It’s a minute until 11 p.m., my self-imposed bedtime, yet I haven’t blogged. I spent my morning reading the boys’ history book to them, quizzing them, discussing U.S. history with them, waiting for them to find a sharpened pencil and to stop grabbing at each other. I learned more than I did in high school, and not just about history.

And so, I didn’t get as much laundry done as I should have. And my formerly clean kitchen is a disaster.

Tonight, I’m feeling jealous of the most famous Mommy Blogger of all, which is undeniably the stupidest feeling I’ve had this week. I want someone to give me a plane ticket and sit me at a table and think what I have to say about blogging and motherhood is worthwhile. I also want to fit into her pants.

As I said, stupid emotion. I can’t even believe I’m confessing.

What else? Well, today, our main television died with a click and the smell of smoke. The picture had been flickering and fading in recent days, so I was not surprised, but my 3-year old daughter was sorrowful and said, “Mommy, I’m sorry I broke the t.v.” I went right out tonight and bought a new one at Target. To my great mirth, a teen aged boy was sent to fetch my 27-inch television and load it into my car. I could have beat him arm-wrestling and I certainly outweigh him. And my skin is clearer. But still.

He and his cohort finagled that television out of its gigantic box and into my front seat. I probably should have given him a tip. (Tip: Never mix bleach and ammonia.)

Tomorrow’s Friday, which should bring waves of joy to my heart. And yet. Saturday my husband will be attending a daylong workshop. Woe is me. I thought about taking the children somewhere on Saturday, but honestly, the boys would be annoyed if I interfered with their Saturday morning cartoons and my daughter’s nap time is at 1:30 p.m. Kids! How can we have fun if they are so inflexible!?

My desk looks like an office store exploded.

Could I possibly be any more inspiring and fun?

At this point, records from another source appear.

Definition is_cdf_nonneg (F : R -> R) : Prop :=
  (forall x y, x <= y -> F x <= F y) /\
  (forall x eps, 0 < eps -> exists delta, 0 < delta /\
       forall y, x <= y < x + delta -> Rabs (F y - F x) < eps) /\
  (forall x, x < 0 -> F x = 0) /\
  (forall eps, 0 < eps -> exists M, forall x, M <= x -> Rabs (F x - 1) < eps).

Definition is_qdensity (q : R) (f : R -> R) : Prop :=
  exists F : R -> R, is_cdf_nonneg F /\
    forall x, 0 < x -> qint_is q f x (F x).

(* The bilateral series converges: both the part j >= 0 and the part j < 0
   (indexed by j = -(k+1), k : nat) converge. *)
Definition qmoment_is (q : R) (f : R -> R) (n : nat) (m : R) : Prop :=
  exists a b : R,
    infinite_sum (fun k : nat => qpow q (Z.of_nat k * Z.of_nat (S n))
                                 * f (qpow q (Z.of_nat k))) a /\
    infinite_sum (fun k : nat => qpow q (- Z.of_nat (S k) * Z.of_nat (S n))
                                 * f (qpow q (- Z.of_nat (S k)))) b /\
    m = (1 - q) * (a + b).

Definition qequiv (q : R) (f g : R -> R) : Prop :=
  forall j : Z, f (qpow q j) = g (qpow q j).

Definition qmoment_determinate (q : R) (f : R -> R) (m : nat -> R) : Prop :=
  forall g : R -> R, is_qdensity q g ->
    (forall k : nat, qmoment_is q g k (m k)) -> qequiv q f g.

Definition is_limsup (u : nat -> R) (A : R) : Prop :=
  (forall eps, 0 < eps -> exists N : nat, forall n, (N <= n)%nat -> u n < A + eps) /\
  (forall eps, 0 < eps -> forall N : nat, exists n, (N <= n)%nat /\ A - eps < u n).

From Stdlib Require Import Reals ZArith Lra Lia.
From Coquelicot Require Import Coquelicot.
Open Scope R_scope.

(* For a q-density h put W_h(j) = q^j h(q^j), j in Z; then the n-th q-moment
   is (1 - q) sum_j W_h(j) q^(j n).  If g has the same q-moments as f, the
   sequence c = W_f - W_g has vanishing moments sum_j c(j) q^(j n) = 0 and is
   dominated by V = W_f + W_g >= 0, whose moments S(M) = 2 m(M) / (1 - q)
   grow at most like e^(a M^2) with a < ln(1/q) / 2.
   To show c(j0) = 0 we test against P_N(x) = prod_{i=1}^N (1 - x q^(i - j0)):
   P_N vanishes at q^(j0-1), ..., q^(j0-N), lies in [0,1] at q^j for j > j0,
   is at most q^(D_N - N (j0 - j)) at q^j for j <= j0 - N (D_N = N (N+1)/2
   - N j0), and P_N(q^j0) >= exp(-1/(1-q)^2).  Isolating j0 in
   sum_j c(j) q^(j n) P_N(q^j) = 0 gives
       |c(j0)| q^(j0 n) exp(-1/(1-q)^2) <= q^((j0+1) n) S(0) + q^(D_N) S(n+N),
   and with N = K n, K large, the quadratic decay of q^(D_N) beats S(n+N),
   so |c(j0)| is bounded by a multiple of q^n for all large n, hence 0. *)

Lemma is_series_le_compat (a b : nat -> R) (la lb : R) :
  (forall k, a k <= b k) -> is_series a la -> is_series b lb -> la <= lb.
Proof.
  intros Hab Ha Hb.
  apply (is_lim_seq_le (sum_n a) (sum_n b) la lb); [| exact Ha | exact Hb].
  intro n. rewrite !sum_n_Reals. apply sum_Rle. intros; apply Hab.
Qed.

Lemma is_series_null (u : nat -> R) : (forall k, u k = 0) -> is_series u 0.
Proof.
  intro Hu. change (is_lim_seq (sum_n u) 0).
  apply (is_lim_seq_ext (fun _ => 0)); [| apply is_lim_seq_const].
  intro n. rewrite sum_n_Reals.
  induction n as [|n IHn]; simpl; rewrite Hu; [reflexivity | rewrite <- IHn; ring].
Qed.

Lemma is_series_point (k0 : nat) (x : R) :
  is_series (fun k => if Nat.eq_dec k k0 then x else 0) x.
Proof.
  revert x; induction k0 as [|k0 IH]; intro x; apply is_series_decr_1.
  - change (is_series (fun k => if Nat.eq_dec (S k) 0 then x else 0)
                      (x + - (if Nat.eq_dec 0 0 then x else 0))).
    destruct (Nat.eq_dec 0 0) as [_ | ?]; [| lia]. rewrite Rplus_opp_r.
    apply is_series_null. intro k. destruct (Nat.eq_dec (S k) 0); [lia | reflexivity].
  - change (is_series (fun k => if Nat.eq_dec (S k) (S k0) then x else 0)
                      (x + - (if Nat.eq_dec 0 (S k0) then x else 0))).
    destruct (Nat.eq_dec 0 (S k0)) as [? | _]; [lia |]. rewrite Ropp_0, Rplus_0_r.
    apply (is_series_ext (fun k => if Nat.eq_dec k k0 then x else 0)); [| apply IH].
    intro k. destruct (Nat.eq_dec k k0), (Nat.eq_dec (S k) (S k0)); auto; lia.
Qed.

Definition is_zsum (u : Z -> R) (s : R) : Prop :=
  exists a b, is_series (fun k : nat => u (Z.of_nat k)) a /\
              is_series (fun k : nat => u (- Z.of_nat (S k))%Z) b /\ s = a + b.

Lemma is_zsum_ext (u v : Z -> R) (s t : R) :
  is_zsum u s -> (forall j, u j = v j) -> s = t -> is_zsum v t.
Proof.
  intros (a & b & Ha & Hb & ->) Euv <-.
  exists a, b; repeat split; auto; eapply is_series_ext; try eassumption; intro; apply Euv.
Qed.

Now, go read someone with 40,000 readers a day.

On The Middle Ages

I want to talk about having a point of view and about how we come to see the world through our own unique set of eyeglasses. But I just can’t tonight. I have sudden onset of adult attention deficit disorder which scrambled my brain like a half dozen eggs.

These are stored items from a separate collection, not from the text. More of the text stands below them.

Lemma hf_is_rank_compl : hf_is I t (\rank (W^C)%MS).
Proof.
split.
  set B := row_base (W^C)%MS; exists (fun i => form_of_row (row i B)).
  split=> [i|c]; first exact: homog_forms_of_row.
  have hs : homog_int t (\sum_i c i *: form_of_row (row i B)).
    by apply: homog_int_sum => i _; apply/homog_intZ/homog_forms_of_row.
  move/(idealE hs); rewrite coords1_sum.
  under eq_bigr do rewrite form_of_rowK.
  have -> : \sum_i c i *: row i B = (\row_i c i) *m B.
    by rewrite mulmx_sum_row; apply: eq_bigr => i _; rewrite mxE.
  move=> cB_W; have cB_C : ((\row_i c i) *m B <= W^C)%MS.
    by apply: mulmx_sub; rewrite /B eq_row_base.
  have : ((\row_i c i) *m B <= W :&: W^C)%MS by rewrite sub_capmx cB_W cB_C.
  rewrite capmx_compl submx0 -(mul0mx _ B) => /eqP/(row_free_inj (row_base_free _)).
  by move/rowP=> c0 i; move: (c0 i); rewrite !mxE.
move=> s hs indep; set Ms := \matrix_i coords1 (s i).
have Ms_indep (c : 'rV_(\rank (W^C)%MS).+1) : (c *m Ms <= W)%MS -> c = 0.
  rewrite mulmx_sum_row; under eq_bigr do rewrite rowK.
  rewrite -coords1_sum -idealE; last by apply: homog_int_sum => i _; apply: homog_intZ.
  by move/indep => c0; apply/rowP => i; rewrite c0 mxE.
have Ms_free : row_free Ms.
  by apply: inj_row_free => c cMs0; apply: Ms_indep; rewrite cMs0 sub0mx.
have capMsW : (Ms :&: W)%MS == 0.
  apply/rowV0P => v hv.
  have /submxP [c vE] : (v <= Ms)%MS by apply: submx_trans hv (capmxSl _ _).
  rewrite vE (Ms_indep c) ?mul0mx // -vE.
  exact: submx_trans hv (capmxSr _ _).
have := mxrank_sum_cap Ms W; rewrite (eqP capMsW) mxrank0 addn0 (eqP Ms_free).
have := rank_leq_col (Ms + W)%MS; have := mxrank_compl W; lia.
Qed.

End HilbertFunctionRank.

(** * The Hilbert function of a graded free resolution *)

Definition graded_resolution (I : pred S) m n (a : 'I_n -> int) (b : 'I_m -> int)
    (g : 'I_n -> S) (A : 'I_m -> 'I_n -> S) : Prop :=
  [/\ (forall i j, homog_int (b i - a j) (A i j)),
      (forall j, homog_int (a j) (g j)),
      (forall p, I p <-> exists h : 'I_n -> S, p = \sum_j h j * g j),
      (forall h : 'I_n -> S, \sum_j h j * g j = 0 <->
         exists c : 'I_m -> S, forall j, h j = \sum_i c i * A i j) &
      (forall c : 'I_m -> S, (forall j, \sum_i c i * A i j = 0) -> forall i, c i = 0)].

Section ResolutionInDegree.
Variables (I : pred S) (m n : nat) (a : 'I_n -> int) (b : 'I_m -> int).
Variables (g : 'I_n -> S) (A : 'I_m -> 'I_n -> S) (t : int).
Hypothesis homog_A : forall i j, homog_int (b i - a j) (A i j).
Hypothesis homog_g : forall j, homog_int (a j) (g j).
Hypothesis idealE : forall p, I p <-> exists h : 'I_n -> S, p = \sum_j h j * g j.
Hypothesis syzygyE : forall h : 'I_n -> S, \sum_j h j * g j = 0 <->
  exists c : 'I_m -> S, forall j, h j = \sum_i c i * A i j.
Hypothesis A_inj : forall c : 'I_m -> S,
  (forall j, \sum_i c i * A i j = 0) -> forall i, c i = 0.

I can’t think straight. That’s what will happen to you if seventy-five percent of your children are ill, but only vaguely under the weather so that they merely behave like hooligans, shrieking and chasing and then whining and crying when they fall and whack their heads on the couch. And then you start to regret keeping the 7-year old home from school with his sore throat because, really, he seems fine, though sniffling and coughing from time to time, usually in the direction of a baby’s bottle.

And my cat seems ill. I need to make an appointment for her to see the vet tomorrow. I also need to make an appointment to have my mop hair cut and I want an appointment on Saturday, but I can’t make the appointment because I have some kind of mental disorder which makes me pathologically reluctant to dial the number and make an appointment for any reason, no matter how important or mundane. But my colorist is coming on Friday night and surely, surely the planets will align and my stylist (I can’t remember her name, it’s been so long) will have an appointment just for me on Saturday. At one-ish, so I will look tremendously stunning for my birthday dinner.

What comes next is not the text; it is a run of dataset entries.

Lemma peval_linear_pullback (C C' : finType) (L : C -> C' -> K)
    (q : {mpoly K[#|C'|]}) :
  exists2 q' : {mpoly K[#|C|]}, (msize q' <= msize q)%N &
    forall x, peval q' x = peval q (fun c' => \sum_(c : C) x c * L c c').
Proof.
pose lq := [tuple \sum_(c : C) L c (enum_val i) *: 'X_(enum_rank c) | i < #|C'|].
exists (q \mPo lq).
  apply: msize_comp_le => i; rewrite tnth_mktuple.
  apply: leq_trans (msize_sum _ _ predT) _; apply/bigmax_leqP_seq => c _ _.
  by apply: leq_trans (msizeZ_le _ _) _; rewrite msizeX mdeg1.
move=> x; rewrite /peval comp_mpoly_meval; apply: meval_eq => i.
rewrite tnth_mktuple raddf_sum /=; apply: eq_bigr => c _.
by rewrite mevalZ mevalXU enum_rankK mulrC.
Qed.

Lemma zariski_closure_linear (C C' : finType) (L : C -> C' -> K)
    (S : (C -> K) -> Prop) (S' : (C' -> K) -> Prop) :
  (forall y, S y -> S' (fun c' => \sum_(c : C) y c * L c c')) ->
  forall x, zariski_closure S x ->
    zariski_closure S' (fun c' => \sum_(c : C) x c * L c c').
Proof.
move=> SS' x Sx p S'p; have [q _ qE] := peval_linear_pullback L p.
by rewrite -qE; apply: Sx => y Sy; rewrite qE; apply: S'p; apply: SS'.
Qed.

Lemma zariski_closure_ext (C : finType) (S : (C -> K) -> Prop) x y :
  x =1 y -> zariski_closure S x -> zariski_closure S y.
Proof.
move=> xy Sx p Sp; rewrite /peval -(meval_eq _ (fun i => xy (enum_val i))).
exact: Sx.
Qed.

End LinearPullback.

Section RankFacts.
Variable K : fieldType.

Lemma mxrank_minor (p q r : nat) (A : 'M[K]_(p, q)) : (r <= \rank A)%N ->
  exists (f : 'I_r -> 'I_p) (g : 'I_r -> 'I_q),
    \det (\matrix_(i, j) A (f i) (g j)) != 0.
Proof.
move=> le_r_rk; pose f i := maxrankfun A (widen_ord le_r_rk i).
have rowsubE : rowsub f A = (pid_mx r : 'M_(r, \rank A)) *m rowsub (maxrankfun A) A.
  apply/matrixP => i j; rewrite !mxE (bigD1 (widen_ord le_r_rk i)) //= big1.
    by rewrite !mxE /= eqxx ltn_ord mul1r addr0.
  move=> k ki; rewrite !mxE /= -[i == k :> nat]/(widen_ord le_r_rk i == k).
  by rewrite eq_sym (negPf ki) mul0r.
have full : row_full (rowsub f A)^T.
  by rewrite /row_full mxrank_tr rowsubE mxrankMfree ?maxrowsub_free ?rank_pid_mx.
exists f, (fullrankfun full).
have := fullrowsub_unit full; rewrite unitmxE unitfE -det_tr.
by congr (\det _ != 0); apply/matrixP => i j; rewrite !mxE.
Qed.

Lemma det_mulmx_inner_lt (r s : nat) (X : 'M[K]_(r, s)) (Z : 'M[K]_(s, r)) :
  (s < r)%N -> \det (X *m Z) = 0.
Proof.
move=> lt_sr; apply/eqP; apply: contraTT lt_sr => detXZ; rewrite -leqNgt.
have : X *m Z \in unitmx by rewrite unitmxE unitfE.
rewrite -row_free_unit => /eqP <-.
exact: leq_trans (mxrankM_maxl _ _) (rank_leq_col _).
Qed.

Definition mxfactorl n p q (A : 'M[K]_(p, q)) : 'M[K]_(p, n) :=
  col_base A *m pid_mx (\rank A).
Definition mxfactorr n p q (A : 'M[K]_(p, q)) : 'M[K]_(n, q) :=
  pid_mx (\rank A) *m row_base A.

Lemma mul_mxfactor n p q (A : 'M[K]_(p, q)) : (\rank A <= n)%N ->
  mxfactorl n A *m mxfactorr n A = A.
Proof.
move=> le_rk_n; rewrite /mxfactorl /mxfactorr mulmxA -[col_base A *m _ *m _]mulmxA.
by rewrite mul_pid_mx minnn (minn_idPr le_rk_n) pid_mx_1 mulmx1 mulmx_base.
Qed.

End RankFacts.

Lemma sum_mulchar_eq0 (K : fieldType) (G : finGroupType) (chi : G -> K) g0 :
  (forall g h, chi (g * h)%g = chi g * chi h) -> chi g0 != 1 ->
  \sum_(h : G) chi h = 0.
Proof.
move=> chiM chi_g0; set S := \sum_(h : G) _.
have SE : S = chi g0 * S.
  rewrite /S big_distrr /= (reindex_inj (mulgI g0)) /=.
  by apply: eq_bigr => h _; rewrite chiM.
apply/eqP; move/eqP: SE; rewrite -subr_eq0 -{1}[S]mul1r -mulrBl mulf_eq0.
by rewrite subr_eq0 eq_sym (negPf chi_g0).
Qed.

Section PermutationRepresentation.
Variables (K : fieldType) (G : finGroupType) (T : finType) (act : {action G &-> T}).

Local Notation ev := (@enum_val T predT).
Local Notation er := (@enum_rank T).

Definition permrep_mx (g : G) : 'M[K]_#|T| :=
  \matrix_(j, l) (act (ev j) g == ev l)%:R.

Lemma permrep_mx_rowE g i (c : 'I_#|T| -> K) :
  \sum_j permrep_mx g i j * c j = c (er (act (ev i) g)).
Proof.
rewrite (bigD1 (er (act (ev i) g))) //= big1 ?addr0.
  by rewrite mxE enum_rankK eqxx mul1r.
move=> j ji; rewrite mxE; case: eqP => [e|_]; last by rewrite mul0r.
by move: ji; rewrite e enum_valK eqxx.
Qed.

Lemma permrep_mx_colE g l (c : 'I_#|T| -> K) :
  \sum_j c j * permrep_mx g j l = c (er (act (ev l) g^-1%g)).
Proof.
rewrite (bigD1 (er (act (ev l) g^-1%g))) //= big1 ?addr0.
  by rewrite mxE enum_rankK actKV eqxx mulr1.
move=> j jl; rewrite mxE; case: eqP => [e|_]; last by rewrite mulr0.
by move: jl; rewrite -e actK enum_valK eqxx.
Qed.

Lemma permrep_mx1 : permrep_mx 1%g = 1%:M.
Proof. by apply/matrixP => j l; rewrite !mxE act1 (inj_eq enum_val_inj). Qed.

Lemma permrep_mxM g h : permrep_mx (g * h)%g = permrep_mx g *m permrep_mx h.
Proof.
by apply/matrixP => j l; rewrite [RHS]mxE permrep_mx_rowE !mxE enum_rankK actM.
Qed.

Lemma permrep_mx_repr : mx_repr [set: G] permrep_mx.
Proof. by split=> [|g h _ _]; [exact: permrep_mx1 | exact: permrep_mxM]. Qed.

Definition permrepr := MxRepresentation permrep_mx_repr.

Section Diagonalized.
Variables (P : 'M[K]_#|T|) (P_unit : P \in unitmx).
Hypothesis P_diag : forall g, is_diag_mx (P *m permrep_mx g *m invmx P).

Definition diag_rep g := P *m permrep_mx g *m invmx P.

Definition diag_char j : {ffun G -> K} := [ffun g => diag_rep g j j].

Lemma diag_rep_offdiag g j l : j != l -> diag_rep g j l = 0.
Proof. exact: is_diag_mxP (P_diag g) j l. Qed.

Lemma diag_repM g h : diag_rep (g * h)%g = diag_rep g *m diag_rep h.
Proof. by rewrite /diag_rep permrep_mxM !mulmxA mulmxKV. Qed.

Lemma permrep_mx_diagE g : permrep_mx g = invmx P *m diag_rep g *m P.
Proof. by rewrite /diag_rep !mulmxA mulVmx // mul1mx mulmxKV. Qed.

Lemma diag_rep_conjE g h (F : 'M[K]_#|T|) j l :
  (diag_rep g *m F *m diag_rep h) j l = diag_char j g * F j l * diag_char l h.
Proof.
rewrite mxE (bigD1 l) //= big1 ?addr0 => [|k kl]; last first.
  by rewrite diag_rep_offdiag ?mulr0.
rewrite !ffunE mxE (bigD1 j) //= big1 ?addr0 // => k kj.
by rewrite diag_rep_offdiag ?mul0r // eq_sym.
Qed.

Lemma diag_charM j g h : diag_char j (g * h)%g = diag_char j g * diag_char j h.
Proof.
by rewrite {1}ffunE diag_repM -(mulmx1 (diag_rep g)) diag_rep_conjE mxE eqxx mulr1.
Qed.

Lemma diag_char1 j : diag_char j 1%g = 1.
Proof. by rewrite ffunE /diag_rep permrep_mx1 mulmx1 mulmxV // mxE eqxx. Qed.

Lemma diag_charV j g : diag_char j g^-1%g * diag_char j g = 1.
Proof. by rewrite -diag_charM mulVg diag_char1. Qed.

Lemma diag_charX j x e : diag_char j (x ^+ e)%g = diag_char j x ^+ e.
Proof.
elim: e => [|e IHe]; first by rewrite expg0 expr0 diag_char1.
by rewrite expgS diag_charM IHe exprS.
Qed.

Lemma diag_char_neq0 j g : diag_char j g != 0.
Proof.
apply/eqP => chi0; move: (diag_charV j g); rewrite chi0 mulr0 => /eqP.
by rewrite eq_sym oner_eq0.
Qed.

Lemma diag_char_orth j l :
  \sum_(h : G) diag_char j h^-1%g * diag_char l h =
  (diag_char j == diag_char l)%:R * #|G|%:R.
Proof.
have [<-|ne] := eqVneq (diag_char j) (diag_char l).
  by rewrite mul1r (eq_bigr (fun _ => 1)) ?sumr_const // => h _; rewrite diag_charV.
rewrite mul0r; have [g0 ne_g0] : exists g0, diag_char j g0 != diag_char l g0.
  apply/existsP; apply: contraNT ne => /existsPn jl.
  by apply/eqP/ffunP => g; apply/eqP; rewrite -[_ == _]negbK jl.
apply: (@sum_mulchar_eq0 _ _ _ g0) => [g h|].
  by rewrite invMg !diag_charM; ring.
apply: contra ne_g0 => /eqP chi_g0; apply/eqP.
by apply: (mulfI (diag_char_neq0 j g0^-1%g)); rewrite diag_charV chi_g0.
Qed.

Lemma diag_rep_average (F : 'M[K]_#|T|) j l :
  (\sum_(h : G) diag_rep h^-1%g *m F *m diag_rep h) j l =
  (diag_char j == diag_char l)%:R * #|G|%:R * F j l.
Proof.
rewrite summxE; under eq_bigr do rewrite diag_rep_conjE mulrAC.
by rewrite -big_distrl /= diag_char_orth.
Qed.

Lemma permrep_mx_eq1 x : (forall j, diag_char j x = 1) -> permrep_mx x = 1%:M.
Proof.
move=> chi_x1; have Dx1 : diag_rep x = 1%:M.
  apply/matrixP => j l; rewrite [RHS]mxE; have [<-|jl] := eqVneq j l.
    by have := chi_x1 j; rewrite ffunE.
  by rewrite diag_rep_offdiag.
by rewrite permrep_mx_diagE Dx1 mulmx1 mulVmx.
Qed.

Definition isotypic_mx (chi : {ffun G -> K}) : 'M[K]_#|T| :=
  diag_mx (\row_l (diag_char l == chi)%:R).

(* Averaging [U *m V] over [G] projects it onto the commutant; choosing [U V]
   as a factorization of the projections onto the isotypic parts of the row
   space of [M] makes the average act as the identity on that row space. *)
Lemma permrep_average_factor (G_unit : #|G|%:R != 0 :> K) n N
    (M : 'M[K]_(N, #|T|)) :
  (\rank M <= n)%N ->
  exists (U : 'M[K]_(#|T|, n)) (V : 'M[K]_(n, #|T|)),
    forall u : 'rV[K]_#|T|, (u <= M)%MS ->
      u *m \sum_(h : G) (permrep_mx h^-1%g *m (U *m V) *m permrep_mx h) = u.
Proof.
move=> rkM; pose X := M *m invmx P.
pose Q chi := pinvmx (X *m isotypic_mx chi) *m (X *m isotypic_mx chi).
have rkQ chi : (\rank (Q chi) <= n)%N.
  apply: leq_trans (mxrankM_maxr _ _) _; apply: leq_trans (mxrankM_maxl _ _) _.
  exact: leq_trans (mxrankM_maxl _ _) _.
pose U := \matrix_(t, i) (#|G|%:R^-1 * mxfactorl n (Q (diag_char t)) t i).
pose V := \matrix_(i, t) mxfactorr n (Q (diag_char t)) i t.
exists (invmx P *m U), (V *m P) => u Mu.
set A := \sum_(h : G) diag_rep h^-1%g *m (U *m V) *m diag_rep h.
have -> : \sum_(h : G) permrep_mx h^-1%g *m (invmx P *m U *m (V *m P)) *m permrep_mx h
    = invmx P *m A *m P.
  rewrite /A mulmx_sumr mulmx_suml; apply: eq_bigr => h _.
  by rewrite !permrep_mx_diagE !mulmxA !(mulmxK P_unit).
have AE j l : A j l = (diag_char j == diag_char l)%:R * Q (diag_char l) j l.
  rewrite diag_rep_average; case: eqP => [chi_jl|_]; last by rewrite !mul0r.
  rewrite !mul1r -[Q _](mul_mxfactor (rkQ _)) !mxE big_distrr /=.
  by apply: eq_bigr => i _; rewrite !mxE chi_jl !mulrA mulfV // mul1r.
pose u' := u *m invmx P.
suff u'A : u' *m A = u' by rewrite !mulmxA -/u' u'A mulmxKV.
apply/rowP => l; rewrite mxE; under eq_bigr do rewrite AE mulrA.
have u'Q : u' *m isotypic_mx (diag_char l) *m Q (diag_char l) =
           u' *m isotypic_mx (diag_char l).
  by rewrite /Q mulmxA mulmxKpV // !submxMr.
have := congr1 (fun w : 'rV[K]_#|T| => w 0 l) u'Q.
rewrite [in RHS]mul_mx_diag !mxE eqxx mulr1 => <-.
by apply: eq_bigr => j _; rewrite mul_mx_diag !mxE.
Qed.

End Diagonalized.
End PermutationRepresentation.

I’m middle-aged. This didn’t used to bother me, but then again, I didn’t used to be middle-aged. When I turned twenty-six, I was despondent, but that was because I wanted a fetus in my uterus and my uterus was uncooperative, to say the least. So, I was working at an insurance company in the correpondence department, earning a fairly decent salary, enjoying flex-time, excellent healthcare benefits, including dental and eyecare . . . and yet, I couldn’t stop crying in the bathroom because all I wanted was to be a Mom with a capital “M.” I thought all my dreams would come true if only I were parenting an impressionable infant who adored me.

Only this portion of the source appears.